» **WHAT IS BEING ASKED**
Repeat only the lines below from the one containing "eps (p (x_i" through the one containing "coalg_mor p /\ coalg_mor d /\", inclusive, exactly as written.

** THE DATA follows **

Definition app (p : lmap2) (a b : vecC) : vecC :=
  fun k => \sum_(i < n) \sum_(j < n) a i * b j * p i j k.

Definition epsC (b : vecC) : K := \sum_(i < n | (i : nat) == 0%N) b i.

(* Sweedler sum: F(b_(1), b_(2)) for F bilinear, with
   Delta(x_i) = sum_(s+t=i) x_s (x) x_t *)
Definition sweed (b : vecC) (F : vecC -> vecC -> K) : K :=
  \sum_(i < n) b i * \sum_(s < i.+1) F (xb s) (xb (i - s)).

(* p : C (x) C -> C is a coalgebra morphism (C (x) C with tensor product
   coalgebra structure), written on the basis x_i (x) x_j:
   Delta (p (x_i (x) x_j)) = (p (x) p) (Delta_{C(x)C} (x_i (x) x_j)),
   eps (p (x_i (x) x_j)) = eps(x_i) eps(x_j). *)
Definition coalg_mor (p : lmap2) : Prop :=
  (forall (i j u v : 'I_n),
      cf p i j (u + v) =
      \sum_(a < i.+1) \sum_(c < j.+1) cf p a c u * cf p (i - a) (j - c) v)
  /\ (forall (i j : 'I_n),
      cf p i j 0%N = ((i : nat) == 0%N)%:R * ((j : nat) == 0%N)%:R).

(* regular q-magma coalgebra: p, d coalgebra morphisms, and there are
   coalgebra morphisms up (a^b) and lo (a_b) with
   a^{b1}.b2 = (a.b1)^{b2} = eps(b) a  and  (a:b2)_{b1} = a_{b2}:b1 = eps(b) a *)
Definition regular_qmagma (p d : lmap2) : Prop :=
  coalg_mor p /\ coalg_mor d /\
  exists up lo : lmap2, coalg_mor up /\ coalg_mor lo /\
    forall (a b : vecC) (m : 'I_n),
      [/\ sweed b (fun b1 b2 => app p (app up a b1) b2 m) = epsC b * a m,
          sweed b (fun b1 b2 => app up (app p a b1) b2 m) = epsC b * a m,
          sweed b (fun b1 b2 => app lo (app d a b2) b1 m) = epsC b * a m
        & sweed b (fun b1 b2 => app d (app lo a b2) b1 m) = epsC b * a m].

** End of THE DATA **

» **ANSWER BELOW**
   eps (p (x_i (x) x_j)) = eps(x_i) eps(x_j). *)
Definition coalg_mor (p : lmap2) : Prop :=
  (forall (i j u v : 'I_n),
      cf p i j (u + v) =
      \sum_(a < i.+1) \sum_(c < j.+1) cf p a c u * cf p (i - a) (j - c) v)
  /\ (forall (i j : 'I_n),
      cf p i j 0%N = ((i : nat) == 0%N)%:R * ((j : nat) == 0%N)%:R).

(* regular q-magma coalgebra: p, d coalgebra morphisms, and there are
   coalgebra morphisms up (a^b) and lo (a_b) with
   a^{b1}.b2 = (a.b1)^{b2} = eps(b) a  and  (a:b2)_{b1} = a_{b2}:b1 = eps(b) a *)
Definition regular_qmagma (p d : lmap2) : Prop :=
  coalg_mor p /\ coalg_mor d /\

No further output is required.